Applying previously defined category labels may cause ‘blindness’ (Mayring, 2022, p. 196) to aspects of the material, for instance non-coded units which demonstrate a certain extent of noticing, a prerequisite for the perceptual analytical perspective and the reading of a multimodal literary text in general. Nevertheless, as I seek to explore whether the extended understanding of Alter and Ratheiser’s (2019) model may help teachers and students develop the literacies needed to engage with multimodal literature, looking for whether and how these competences were expressed was considered an applicable approach. There may also be methodological challenges with using student responses in research, for instance that the texts may be incomplete, that the learners are reluctant to write, or that the context is unclear for the learners (Øgreid, 2021). The student responses also limit the material to what the learners expressed in writing. More data sources, for instance through recording group discussions or conducting learner interviews, could have offered further insight into the learners’ reasoning about their literary engagement. However, the student responses represent a realistic outcome of a sequence of English lessons and kept the data collection in the context of learning activities.


Literary Multimodal Literacy in Learners’ Responses

In the following I will present some of the student responses and discuss how and to what extent these demonstrate competences related to literary multimodal literacy. The first example is from the group work with written responses in Padlet, referring to the fifth opening in the multimodal novel:

(8): The gods are covering about half of the two sides. There is five gods and a foot to a sixth one. Arrond them there is just clouds, but the clouds get darker when theire close to the gods. The gods are grey in collor. We can see that the gods look lazy and together with the tekst they are ‘endless’ lazy. What you see on the page the tekst confirm. Because the gods are grey and theire big. We see the gods from a middle distance. We see teire body language and facial expression. Therefore we are sure that theire lazy. Theire bored of sitting there talking, eating and drinking. Theire wearing the same as greek gods, but theire are having grey clothes instead of white. This page does not have any frames. The page shows us that the gods are very very very lazy.

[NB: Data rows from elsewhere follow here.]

Lemma card_matched (A B : finType) (mu : A -> option B) (nu : B -> option A) :
  (forall a b, mu a = Some b <-> nu b = Some a) ->
  #|[pred a | mu a != None]| = #|[pred b | nu b != None]|.
Proof.
move=> mu_nu.
have inj : {in [pred a | mu a != None] &, injective mu}.
  move=> a1 a2 /[!inE]; case e: (mu a1) => [b|] // _ _ e2.
  by move/mu_nu: e; move/esym/mu_nu: e2 => -> [].
rewrite -(card_in_imset inj) -[RHS](card_imset _ Some_inj).
apply: eq_card => o; apply/imsetP/imsetP => -[x] /[!inE].
  case e: (mu x) => [b|] // _ ->.
  by exists b; rewrite // inE; move/mu_nu: e ->.
case e: (nu x) => [a|] // _ ->.
by move/mu_nu: e => e; exists a; rewrite ?inE e.
Qed.

Definition matched_dummies (X X' Y : finType) (h : X' -> X)
    (nu : X -> option Y) : seq X' :=
  [seq x' <- enum X' | nu (h x') != None].

Definition embed (A A' B B' : finType) (f : A -> B') (f' : B' -> A)
    (g' : A' -> B) (mu : A -> option B) (nu : B -> option A) (a : A + A') :
    B + B' :=
  match a with
  | inl a => if mu a is Some b then inl b else inr (f a)
  | inr a' =>
      if rank_match (matched_dummies g' nu) (matched_dummies f' mu) a'
        is Some b' then inr b' else inl (g' a')
  end.

Section Embed.
Variables (A A' B B' : finType).
Variables (f : A -> B') (f' : B' -> A) (g : B -> A') (g' : A' -> B).
Hypotheses (fK : cancel f f') (f'K : cancel f' f).
Hypotheses (gK : cancel g g') (g'K : cancel g' g).
Variables (mu : A -> option B) (nu : B -> option A).
Hypothesis mu_nu : forall a b, mu a = Some b <-> nu b = Some a.

Lemma size_matched_dummies :
  size (matched_dummies g' nu) = size (matched_dummies f' mu).
Proof.
rewrite /matched_dummies (size_filter_cancel (fun b => nu b != None) g'K gK).
rewrite (size_filter_cancel (fun a => mu a != None) f'K fK).
exact/esym/card_matched.
Qed.

Lemma embedK : cancel (embed f f' g' mu nu) (embed g g' f' nu mu).
Proof.
have size_dummies := size_matched_dummies.
have uniq_dummies (X X' Y : finType) (h : X' -> X) (nu' : X -> option Y) :
  uniq (matched_dummies h nu') by rewrite filter_uniq ?enum_uniq.
case=> [a|a'] /=.
  case e: (mu a) => [b|] /=; first by move/mu_nu: e ->.
  have /eqP -> :
      rank_match (matched_dummies f' mu) (matched_dummies g' nu) (f a) == None.
    by rewrite rank_match_None // mem_filter fK e.
  by rewrite fK.
case e: rank_match => [b'|] /=.
  by move/rank_match_sym: e => ->.
move/eqP: e; rewrite rank_match_None // mem_filter mem_enum andbT negbK.
by move=> /eqP ->; rewrite g'K.
Qed.

End Embed.

Section DummyExtension.
Variables (W W' M M' : finType).
Variables (f : W -> M') (f' : M' -> W) (g : M -> W') (g' : W' -> M).
Hypotheses (fK : cancel f f') (f'K : cancel f' f).
Hypotheses (gK : cancel g g') (g'K : cancel g' g).

Local Notation extW := (ext_profile f g').
Local Notation extM := (ext_profile g f').

Lemma stable_restrict (pW : W -> seq M) (pM : M -> seq W) (mu : W -> option M)
    (mu' : W + W' -> option (M + M')) :
  profile pW -> profile pM -> marriage mu -> marriage mu' ->
  stable (extW pW) (extM pM) mu' -> submarriage mu mu' -> stable pW pM mu.
Proof.
move=> pW_uniq pM_uniq mu_inj mu'_inj [_ no_block] sub.
have husband_sub m w :
    husband_of mu' (inl m) = Some (inl w) <-> husband_of mu m = Some w.
  split=> [/(husband_ofP mu'_inj)/sub/(husband_ofP mu_inj)//|].
  by move=> /(husband_ofP mu_inj)/sub/(husband_ofP mu'_inj).
split=> [w m e|w m /andP[pw pm]].
  have e' : mu' (inl w) = Some (inl m) by apply/sub.
  split; apply/negPn/negP => off.
    apply: (no_block (inl w) (inr (f w))); rewrite /= e' fK.
    rewrite real_list_prefers_own // prefers_dummy_list_head.
    by apply/eqP => /(husband_ofP mu'_inj); rewrite e'.
  apply: (no_block (inr (g m)) (inl m)); rewrite /= gK prefers_dummy_list_head.
  rewrite (proj2 (husband_ofP mu'_inj (inl w) (inl m)) e').
  rewrite real_list_prefers_own // andbT.
  by apply/eqP => /(mu'_inj _ _ _ e').
apply: (no_block (inl w) (inl m)); apply/andP; split.
  exact: (prefers_real_list_sub _ (pW_uniq w) (sub w) pw).
exact: (prefers_real_list_sub _ (pM_uniq m) (husband_sub m) pm).
Qed.

Section Embedding.
Variables (pW : W -> seq M) (pM : M -> seq W) (mu : W -> option M).
Hypotheses (pW_uniq : profile pW) (pM_uniq : profile pM) (mu_inj : marriage mu).

Local Notation emb := (embed f f' g' mu (husband_of mu)).
Local Notation emb' := (embed g g' f' (husband_of mu) mu).

Let mu_husband w m : mu w = Some m <-> husband_of mu m = Some w :=
  iff_sym (husband_ofP mu_inj w m).

Let embK : cancel emb emb' := embedK fK f'K gK g'K mu_husband.
Let emb'K : cancel emb' emb :=
  embedK gK g'K fK f'K (fun m w => husband_ofP mu_inj w m).

Lemma marriage_embed : marriage (fun a => Some (emb a)).
Proof. by move=> a1 a2 b [<-] [/(can_inj embK)]. Qed.

Lemma husband_of_embed b : husband_of (fun a => Some (emb a)) b = Some (emb' b).
Proof. by apply/(husband_ofP marriage_embed); rewrite emb'K. Qed.

Lemma submarriage_embed : submarriage mu (fun a => Some (emb a)).
Proof. by move=> w m /=; case: (mu w) => [m'|]; split=> // -[->]. Qed.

In this response, the learners inferred meaning from several aspects of the spread, as they drew together impulses from the image and the verbal text to understand the gods’ emotional state, ‘bored’ and ‘very very very lazy’. However, they did not explain which elements in the verbal text they based their interpretation on. The word in quotation marks, ‘endless’, is not a direct quotation from the verbal text, but may be a transfer from the Norwegian ‘uendeleg’ which the learners set apart to demonstrate that they were not satisfied with the word choice. The learners mentioned semiotic resources such as colour, size, interpersonal distance and borders, in part using the common terminology agreed upon in class (for example, ‘collor’ [colour], ‘frames’, while ‘middle distance’ was used in the class conversation when discussing perspective). Some of these resources are explicitly linked to the learners’ reading of emotions (‘Empathic competence’) and description of characters (‘Stylistic competence’), while for others (for example, ‘This page does not have any frames’) the meaning potential was not explored.

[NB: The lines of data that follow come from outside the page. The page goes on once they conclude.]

(* From a q-polynomial [P] vanishing on [s], the q-polynomial
   [P - (P v)^(1-q) P^q] vanishes on [v :: s] and has q-degree one more. *)
Lemma qannihilator_exists (s : seq L) : exists a : nat -> L,
  [/\ a 0%N = 1, forall i, (size s < i)%N -> a i = 0 &
      forall v, v \in s -> (qpoly_upto a (size s)).[v] = 0].
Proof.
elim: s => [|v s [a [a0 a_gt av]]].
  by exists (fun i => if i == 0%N then 1 else 0); split => // -[].
set y := (qpoly_upto a (size s)).[v]; set c := y / y ^+ q.
have q_neq0 : (q != 0)%N by rewrite -lt0n ltnW ?qq_gt1.
exists (fun i => a i - c * (if i is j.+1 then a j ^+ q else 0)); split.
- by rewrite a0 mulr0 subr0.
- move=> [|i] /= i_gt; first by [].
  by rewrite !a_gt ?expr0n ?(negbTE q_neq0) ?mulr0 ?subrr // (ltn_trans _ i_gt).
move=> x; rewrite inE horner_qpoly_upto_subfrob ?a_gt //.
case/orP => [/eqP ->|/av ->]; last first.
  by rewrite expr0n (negbTE q_neq0) mulr0 subrr.
rewrite /c -/y; have [->|y_neq0] := eqVneq y 0; first by rewrite !mul0r subrr.
by rewrite divfK ?subrr // expf_neq0.
Qed.

Lemma min_qpoly_upto (S : L -> Prop) (M : {poly L}) (s : seq L) :
  min_qpoly S M -> (forall x, S x -> x \in s) ->
  M = qpoly_upto (qcoef M) (size s).
Proof.
move=> [qM _ _ M_min] S_s; have [a [a0 a_gt av]] := qannihilator_exists s.
have qdegM : (qdeg M <= size s)%N.
  apply: leq_trans (qdeg_qpoly_upto a (size s)).
  apply: M_min; first exact: qpoly_upto_qpoly.
    by rewrite qcoef_qpoly_upto leq0n.
  by move=> x /S_s xs; rewrite /root av.
apply: qpoly_uptoE => // i i_gt; rewrite /qcoef.
have [i_lt|i_ge] := ltnP i (size M); last first.
  by rewrite nth_default // (leq_trans i_ge) // ltnW // ltn_expl // qq_gt1.
apply/eqP; apply: contraTT i_gt => Mi_neq0; rewrite -leqNgt.
exact: leq_trans (leq_bigmax_cond (Ordinal i_lt) Mi_neq0) qdegM.
Qed.

Lemma min_qpoly_family_upto t (W : 'I_t -> L) (M : {poly L}) :
  min_qpoly (fun x => exists j, x = W j) M -> M = qpoly_upto (qcoef M) t.
Proof.
move=> minM; rewrite {1}(min_qpoly_upto (s := [seq W j | j <- enum 'I_t]) minM).
  by rewrite size_map size_enum_ord.
by move=> x [j ->]; rewrite map_f ?mem_enum.
Qed.
End QPolynomials.

Section ErrorSpan.
Variables (F : finFieldType) (L : fieldExtType F).
Local Notation q := (qq F).
Local Notation m := (mm L).
Local Notation fr := (@fr F L).

Variables (tau : nat) (V X : 'I_tau -> L) (E : nat -> L).
Hypothesis E_span : forall j, E j = \sum_(k < tau) V k * fr j (X k).

Lemma horner_qpoly_of_span x :
  (qpoly_of E).[x] = \sum_(k < tau) V k * qtrace (X k * x).
Proof.
rewrite horner_sum; under eq_bigr do rewrite hornerZ hornerXn E_span mulr_suml.
rewrite exchange_big; apply: eq_bigr => k _; rewrite mulr_sumr.
by apply: eq_bigr => i _; rewrite frM mulrA.
Qed.

Lemma horner_qrev_full_span x :
  (qrev_full E).[x] = \sum_(k < tau) X k * qtrace (V k * x).
Proof.
rewrite horner_sum.
under eq_bigr do rewrite hornerZ hornerXn E_span fr_sum mulr_suml.
rewrite exchange_big; apply: eq_bigr => k _; rewrite mulr_sumr.
apply: eq_bigr => i _; rewrite !frM fr_comp -[(_ + i)%N]/(negm L i + i)%N.
by rewrite fr_negm_addK mulrCA mulrA.
Qed.
(* Let $D\geq 2$ be a square-free integer, $K=\mathbb{Q}(\sqrt{D})$ with ring of integers $\mathbb{Z}_K$, and let $p\geq 5$ be a prime not dividing $D$. Let $u_K>1$ be the fundamental unit of $K$ (with respect to the real embedding sending $\sqrt{D}$ to a positive number), and let $u_D$ be the first totally positive power of $u_K$ (so $u_D=u_K^2$ if $u_K$ has norm $-1$, and $u_D=u_K$ otherwise). For $\ell\geq 1$ put $d_\ell(D)=u_D^\ell+u_D^{-\ell}+1$ (a positive integer). Suppose there exists $\ell\geq 1$ with $p\mid d_\ell(D)$, and let $\ell$ be the least such index. If $p^2\mid d_\ell(D)$, then the order of $u_K$ in $(\mathbb{Z}_K/p\mathbb{Z}_K)^\times$ equals the order of $u_K$ in $(\mathbb{Z}_K/p^2\mathbb{Z}_K)^\times$. *)

(* the real quadratic field K = Q(sqrt D) is realised inside
   algC (algebraic complex numbers), with sqrt D := sqrtC D > 0 (the real
   embedding sending sqrt D to a positive number). *)
From mathcomp Require Import all_boot all_order all_algebra all_field.
Set Implicit Arguments. Unset Strict Implicit. Unset Printing Implicit Defensive.
Import Order.TTheory GRing.Theory Num.Theory.
Local Open Scope ring_scope.

Definition squarefree (D : nat) : Prop :=
  forall q : nat, prime q -> ~~ (q * q %| D)%N.

Definition qsd (D : nat) (a b : rat) : algC := ratr a + ratr b * sqrtC (D%:R).

Definition inK (D : nat) (x : algC) : Prop := exists a b : rat, x = qsd D a b.

Definition inZK (D : nat) (x : algC) : Prop := inK D x /\ x \in Aint.

Definition unitZK (D : nat) (x : algC) : Prop :=
  inZK D x /\ x != 0 /\ inZK D x^-1.

Definition fundamental_unit (D : nat) (u : algC) : Prop :=
  unitZK D u /\ 1 < u /\
  forall v, unitZK D v -> exists (s : bool) (n : int), v = (-1) ^+ s * u ^ n.

Definition congZK (D : nat) (m : nat) (x y : algC) : Prop :=
  inZK D ((x - y) / m%:R).

Definition order_mod (D : nat) (m : nat) (u : algC) (n : nat) : Prop :=
  (0 < n)%N /\ congZK D m (u ^+ n) 1 /\
  forall k : nat, (0 < k)%N -> congZK D m (u ^+ k) 1 -> (n <= k)%N.

(* m is the least exponent >= 1 such that u^m is totally positive, where u =
   a + b sqrt D and its Galois conjugate is a - b sqrt D *)
Definition first_totpos_exp (D : nat) (a b : rat) (m : nat) : Prop :=
  let tp k := 0 < qsd D a b ^+ k /\ 0 < qsd D a (- b) ^+ k in
  (0 < m)%N /\ tp m /\ forall k : nat, (0 < k)%N -> tp k -> (m <= k)%N.
(* Let $R$ be the ring of integers of a nonarchimedean local field $F$ of characteristic not $2$ in which $2$ is a prime element, and assume $R\ne\mathbb{Z}_2$. For any $n\ge 3$, the $R$-lattice $\mathbb{H}^{n-1}\perp\langle 1,-1\rangle$ is primitively $n$-universal. In particular, $u^\ast_R(n) = 2n$ for any $n\ge 3$.
   Context: An $R$-lattice is a finitely generated $R$-submodule of a quadratic space $(V,B)$ over $F$, assumed integral ($B(L,L)\subseteq R$) and nondegenerate. A representation is an $R$-linear map preserving $B$; it is primitive if its image is a direct summand. A lattice is primitively $n$-universal if it primitively represents every $R$-lattice of rank $n$; $u^\ast_R(n)$ is the minimal rank of such a lattice. $\mathbb{H}$ is the binary lattice with Gram matrix $\begin{pmatrix}0&1\\1&0\end{pmatrix}$, $\mathbb{H}^{k}$ the orthogonal sum of $k$ copies, and $\langle a_1,\dots,a_k\rangle$ the lattice with diagonal Gram matrix $\operatorname{diag}(a_1,\dots,a_k)$. *)

From HB Require Import structures.
From mathcomp Require Import all_boot all_order all_algebra.
Set Implicit Arguments. Unset Strict Implicit. Unset Printing Implicit Defensive.
Import Order.TTheory GRing.Theory Num.Theory.
Local Open Scope ring_scope.

Definition dvdR (R : comRingType) (a b : R) : Prop := exists c : R, b = a * c.

(* R is the ring of integers of a nonarchimedean local field F = Frac R
   of characteristic not 2 in which 2 is a prime element (uniformizer):
   - 2 <> 0 in R  (char F <> 2; F is the fraction field of the domain R)
   - 2 is not a unit, and every nonzero element is a unit times a power of 2
     (R is a discrete valuation ring with uniformizer 2)
   - R is complete for the 2-adic topology
   - the residue field R/2R is finite. *)
Definition local_ring_of_integers_2prime (R : idomainType) : Prop :=
  [/\ (2 : R) != 0,
      (2 : R) \isn't a GRing.unit,
      (forall x : R, x != 0 ->
         exists (k : nat) (u : R), u \is a GRing.unit /\ x = u * 2 ^+ k),
      (forall a : nat -> R, (forall n, dvdR (2 ^+ n) (a n.+1 - a n)) ->
         exists l : R, forall n, dvdR (2 ^+ n) (l - a n)) &
      (exists s : seq R, forall x : R, exists2 r, r \in s & dvdR 2 (x - r))].

(* R <> Z_2: for such R (unramified over Z_2) this means the residue
   field R/2R is not F_2, i.e. some residue class is neither 0 nor 1. *)
Definition not_Z2 (R : idomainType) : Prop :=
  exists x : R, ~ dvdR 2 x /\ ~ dvdR 2 (x - 1).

In the description of the gods’ clothes, the learners showed recognition of a cultural trope, a typical representation of Greek gods in European art, suggesting that they noticed a variance from what they expected. This could be an initiation of a deeper enquiry into the use of this cultural trope but did not continue beyond this sentence, and they did not explore what the representation of the gods may signify in the multimodal novel. In the opening described in (4), the wolf is presented in stark contrast to the children and the surroundings both in size and colour while the children’s gestures suggest fear, establishing the wolf as a sinister character. In the cultural context of most of the students, sinister wolves eat children in fairy tales. In making this interpretation, the learners drew on culturally shaped expectations to the genre and thus showed ability to identify some cultural elements of the multimodal text. However, this was not done explicitly, nor did they further investigate the background for their understanding of the characters.

(9): I see Ben standing between them, to shadows, he looks kinda confused and scared. It is 2 frames here on this page, i think it shows different emotions, and what he is imagining/thinking about. He is close but not too close, and he is looking straightforward.

While the learners in (8) gave reasons for their interpretation of characters’ emotions, this was not the case in (9). However, also this response brought in semiotic resources such as borders, interpersonal distance, and gaze. In the second sentence, there was an endeavour to suggest meaning potential for the borders/panels on this page, while the last sentence did not attempt an analysis.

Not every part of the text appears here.